News Corp will recover from the fling with MySpace. MySpace's cost to the company is a rounding error when compared to the size, scope, and value of this media giant.  The cash flow out of Fox News alone will probably offset the whole affair in a matter of months.  While the percentage loss on this investment is eye-catching, it is not in the grand scheme all that much money.  And the damage is contained within News Corp.

Those who ascribe a $100 billion to Facebook may face a far more substantial hit.  Perhaps the pain will finally drive home the lessons we should have learned years ago.  Either way, it is likely to have a profound effect on the markets.  Is another Internet Bubble about to burst?

For all you Facebook fans out there, don't bother with the emails.  I know what you're going to say.

Wait, don't tell me.... This time it's different!

Disclosure: No positions.


  1. Excellent, as always. Q: Do you ever short these suckers? Obviously not right away but after they've gone parabolic... Have you done it? Would you consider doing it for this new bubble?

  2. Great article. very enjoyable.

    i wonder if it really is this easy to spot market hype or whether i would have been caught up in the dot-com bubble 10 years ago... haha

  3. I have shorted a number of similarly valued companies. If I can short FB at a mkt value of $100 billion, it will be a gift.

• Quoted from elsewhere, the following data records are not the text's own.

Lemma qform_degmDadjm_ge0 (c : R) (u : 'rV[R]_n.+1) : c ^+ 2 = 1 -> 0 <= qform (D + c *: A) u.
Proof.
move=> c2; rewrite qform_degmDadjm // mulr_ge0 ?invr_ge0 ?ler0n //.
by do 2!apply: sumr_ge0 => ? _; rewrite mulr_ge0 ?sqr_ge0 // mxE ler0n.
Qed.

Lemma lapmE : Lap = D + (-1) *: A.
Proof. by rewrite scaleN1r. Qed.

Lemma nlapm_eigen_range x : eigenvalue N x -> 0 <= x <= 2.
Proof.
case/eigenvalueP => v vN v_neq0.
have v_gt0 := qform1_gt0 v_neq0.
have qN : qform N v = x * qform 1%:M v by rewrite /qform vN -scalemxAl mxE mulmx1.
have conjH M : qform (H *m M *m H) v = qform M (v *m H).
  by rewrite -{2}degm_invsqrt_sym qform_congr.
apply/andP; split.
  by rewrite -(pmulr_lge0 _ v_gt0) -qN /nlapm conjH lapmE qform_degmDadjm_ge0 // sqrrN expr1n.
have signless : qform (H *m (D + 1 *: A) *m H) v = (2 - x) * qform 1%:M v.
  rewrite scale1r mulmxDr mulmxDl degm_invsqrt_degm qformD.
  by rewrite mulrBl -qN nlapm_adjm qformB; ring.
rewrite -subr_ge0 -(pmulr_lge0 _ v_gt0) -signless.
by rewrite conjH qform_degmDadjm_ge0 // expr1n.
Qed.

Lemma nlapm_diag (s : 'I_n.+1) : qform N (delta_mx 0 s) = 1.
Proof.
rewrite /qform -rowE trmx_delta -colE /nlapm degm_invsqrtE mul_mx_diag mul_diag_mx !mxE.
by rewrite eqxx mulr1n e_irr /= subr0 invsqrt_deg_sandwich.
Qed.

Lemma lapm_ker_const (u : 'rV[R]_n.+1) : connected_graph e -> u *m Lap = 0 ->
  forall x y, u 0 x = u 0 y.
Proof.
move=> e_conn uL0.
have /eqP : qform (D + (-1) *: A) u = 0 by rewrite -lapmE /qform uL0 mul0mx mxE.
rewrite qform_degmDadjm ?sqrrN ?expr1n // mulf_eq0 invr_eq0 pnatr_eq0 /= => /eqP q0.
have term_ge0 i j : 0 <= A i j * (u 0 i + -1 * u 0 j) ^+ 2.
  by rewrite mulr_ge0 ?sqr_ge0 // mxE ler0n.
have row_ge0 i : 0 <= \sum_j A i j * (u 0 i + -1 * u 0 j) ^+ 2.
  by apply: sumr_ge0 => j _.
have edge_eq i j : e i j -> u 0 i = u 0 j.
  move=> e_ij; have row_i0 := psumr_eq0P (fun k _ => row_ge0 k) q0 (i:=i) isT.
  have /eqP := psumr_eq0P (fun k _ => term_ge0 i k) row_i0 (i:=j) isT.
  by rewrite mxE e_ij mul1r sqrf_eq0 mulN1r subr_eq0 => /eqP.
move=> x y; case/connectP: (e_conn x y) => p + ->.
elim: p x => [|z p IHp] x //= /andP[e_xz xz_path].
by rewrite (edge_eq x z e_xz) IHp.
Qed.

Lemma lapm_row_space (b : 'rV[R]_n.+1) : connected_graph e ->
  b *m (const_mx 1 : 'cV[R]_n.+1) = 0 -> exists w, b = w *m Lap.
Proof.
move=> e_conn b_orth; pose ones : 'cV[R]_n.+1 := const_mx 1.
have rank_ker : (\rank (kermx Lap) <= 1)%N.
  suff /mxrankS : (kermx Lap <= ones^T)%MS by move/leq_trans; apply; exact: rank_leq_row.
  apply/row_subP => i; set u := row i (kermx Lap).
  have uL0 : u *m Lap = 0 by rewrite -row_mul mulmx_ker row0.
  suff -> : u = u 0 0 *: ones^T by rewrite scalemx_sub.
  apply/rowP => j; rewrite [RHS]mxE [ones^T _ _]mxE [ones _ _]mxE mulr1.
  exact: lapm_ker_const.
have L_ones : (Lap <= kermx ones)%MS.
  apply/sub_kermxP/matrixP => i j; rewrite /lapm mulmxBl degmE mul_diag_mx !mxE /deg.
  by apply/eqP; rewrite mulr1 subr_eq0; apply/eqP/eq_bigr => k _; rewrite [ones _ _]mxE mulr1.
have rank_ones : \rank ones = 1%N.
  apply/eqP; rewrite eqn_leq rank_leq_col lt0n mxrank_eq0.
  by apply/eqP => /matrixP /(_ 0 0) /eqP; rewrite !mxE oner_eq0.
have ker_ones_L : (kermx ones <= Lap)%MS.
  rewrite -(mxrank_leqif_sup L_ones).2 mxrank_ker rank_ones.
  have rank_L := mxrankS L_ones; rewrite mxrank_ker rank_ones in rank_L.
  by rewrite mxrank_ker in rank_ker; apply/eqP; lia.
have /submxP [w ->] := submx_trans (introT sub_kermxP b_orth) ker_ones_L.
by exists w.
Qed.

Section Resistances.
Variables (s t : 'I_n.+1) (w : 'rV[R]_n.+1).
Hypothesis bvec_lapm : (bvec R s t)^T = w *m Lap.
Local Notation z := (w *m G).

Lemma eff_res_qform (Lp : 'M[R]_n.+1) : is_pinv Lap Lp -> eff_res Lp s t = qform N z.
Proof.
case=> LLpL _ _ _; rewrite /eff_res.
have -> : bvec R s t = (w *m Lap)^T by rewrite -bvec_lapm trmxK.
rewrite trmxK trmx_mul lapm_sym !mulmxA -(mulmxA w) -(mulmxA w) LLpL.
by rewrite -/(qform Lap w) lapm_nlapm -{2}degm_sqrt_sym qform_congr.
Qed.

Lemma trunc_eff_res_qform L :
  trunc_eff_res R e L s t = qform N z - qform (S ^+ L.+1 *m N) z.
Proof.
have bH : (bvec R s t)^T *m H = z *m N.
  by rewrite bvec_lapm lapm_nlapm !mulmxA -(mulmxA _ G H) degm_sqrtK mulmx1.
have Hb : H *m bvec R s t = N *m z^T.
  by rewrite -[bvec R s t]trmxK -[H]degm_invsqrt_sym -trmx_mul bH trmx_mul nlapm_sym.
have geom : N *m (\sum_(0 <= l < L.+1) S ^+ l) = 2%:R *: (1%:M - S ^+ L.+1).
  have -> : N = 2%:R *: (1%:M - S).
    by rewrite /nlazym opprB addrC subrK scalerA mulfV ?scale1r ?pnatr_eq0.
  rewrite -scalemxAl big_mkord mulmxE; congr (_ *: _).
  by rewrite -[in RHS]opprB subrX1 -mulNr; congr (_ * _); exact/esym/opprB.
rewrite /trunc_eff_res; under eq_bigr => l _ do rewrite lazy_walkmX.
rewrite -mulmx_suml -mulmx_sumr !mulmxA -(mulmxA _ Dinv) degm_inv_sqrt bH.
rewrite -(mulmxA _ H) Hb -(mulmxA z N) geom -scalemxAr -scalemxAl mxE mulKf ?pnatr_eq0 //.
by rewrite mulmxA -(mulmxA z) mulmxBl mul1mx -qformB /qform !mulmxA.
Qed.

End Resistances.

Lemma horner_mx_lazy_tail k : horner_mx N ((1 - 2^-1 *: 'X) ^+ k * 'X) = S ^+ k *m N.
Proof. by rewrite rmorphM rmorphXn rmorphB rmorph1 /= horner_mxZ horner_mx_X mulmxE. Qed.

Lemma qform_lazy_tail_ge0 k (z : 'rV[R]_n.+1) : 0 <= qform (S ^+ k *m N) z.
Proof.
rewrite -horner_mx_lazy_tail; apply: qform_horner_ge0 nlapm_sym _ _ _ => x /nlapm_eigen_range.
by case/andP => x_ge0 x_le2; rewrite !hornerE mulr_ge0 ?exprn_ge0 //; lra.
Qed.

Lemma max_eigen_ge1 lmax : is_max_eigen N lmax -> 1 <= lmax.
Proof.
case=> _ lmax_max.
have := qform_horner_le nlapm_sym (delta_mx 0 0) (p := 'X) (q := lmax%:P).
rewrite horner_mx_X horner_mx_C nlapm_diag qform_scalar qform1_delta mulr1; apply.
by move=> x /lmax_max; rewrite hornerX hornerC.
Qed.

Lemma qform_lazy_tail_le (eps lmax l2 : R) L (z : 'rV[R]_n.+1) :
  0 < eps < 1 -> is_max_eigen N lmax -> is_min_nz_eigen N l2 ->
  2 * (lmax / l2) * ln (n.+1%:R / eps) <= L%:R ->
  qform (S ^+ L.+1 *m N) z <= eps * qform N z.
Proof.
move=> eps01 /max_eigen_ge1 lmax_ge1 [l2_eigen l2_neq0 l2_min] L_ge.
have /andP[l2_ge0 _] := nlapm_eigen_range l2_eigen.
have l2_gt0 : 0 < l2 by rewrite lt_def l2_neq0.
rewrite -horner_mx_lazy_tail -qformZ -{2}(horner_mx_X N) -horner_mxZ.
apply: qform_horner_le nlapm_sym _ _ _ _ => x x_eigen.
have /andP[x_ge0 x_le2] := nlapm_eigen_range x_eigen.
rewrite !hornerE; have [-> | x_neq0] := eqVneq x 0; first by rewrite !mulr0.
rewrite mulrC [eps * x]mulrC ler_wpM2l //.
exact: lazy_decay_le eps01 (ltn0Sn n) lmax_ge1 l2_gt0 (l2_min x x_eigen x_neq0) x_le2 L_ge.
Qed.

End Graph.

Theorem lemma3p2 (R : realType) (n : nat) (e : rel 'I_n) (s t : 'I_n)
  (eps lmax l2 : R) (Lp : 'M[R]_n) (L : nat) :
  simple_graph e -> connected_graph e -> (2 <= n)%N -> s != t ->
  0 < eps < 1 ->
  is_max_eigen (nlapm R e) lmax -> is_min_nz_eigen (nlapm R e) l2 ->
  is_pinv (lapm R e) Lp ->
  2 * (lmax / l2) * ln (n%:R / eps) <= L%:R ->
  approx_eps eps (trunc_eff_res R e L s t) (eff_res Lp s t).
Proof.
case: n e s t Lp => [//|n] e s t Lp [e_sym e_irr] e_conn n_ge2 _.
move=> eps01 lmax_max l2_min Lp_pinv L_ge.
have deg_pos := deg_gt0 R e_conn n_ge2.
have [w bvec_lapm] := lapm_row_space e_sym e_conn (bvec_orth_ones R s t).
rewrite /approx_eps (eff_res_qform e_sym deg_pos bvec_lapm Lp_pinv).
rewrite (trunc_eff_res_qform e_sym deg_pos bvec_lapm).
set z := w *m degm_sqrt R e.
have tail_ge0 := qform_lazy_tail_ge0 e_sym deg_pos L.+1 z.
have tail_le := qform_lazy_tail_le e_sym e_irr deg_pos z eps01 lmax_max l2_min L_ge.
case/andP: eps01 => eps_gt0 _; split; nra.
Qed.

    Having lived and invested thru the 1990's it was hard to work in an environment where most people "got it" and I didn't. Actually had an older client tell me that he didn't understand how a young guy like me didn't understand the value of these new companies. He wanted all-tech. Everything else was worthless.

    I was real popular. Tried to get my firm to sell Cisco for 4 straight years. At $600 billion, I officially was the village idiot.

    He who laughs last...

  4. great article! It's hard to stay sane in an insane world. Businessweek did an article on why Myspace failed a couple issues ago. On top of the fact that there was no real business, these "creative" types had short attention span. What's next is their motto.

    But again, this Facebook kid could be different....

  5. Great article - The valuation of FB seems to be based on the value of Z-man himself. If I was investing I would want him at the helm for a while. Like Apple and Jobs, FB without the Z-Man is simply not FB. Short the stock a few months after the IPO, it's no different this time around.

  6. Have not seen a blog from you for a long time now. Are you too busy at work or not finding any good value ideas in this market?

    I do not short but I carefully read and research you long articles.

    You are an excellent and very knowledgeable thinker. Your blogs are pleasure to read.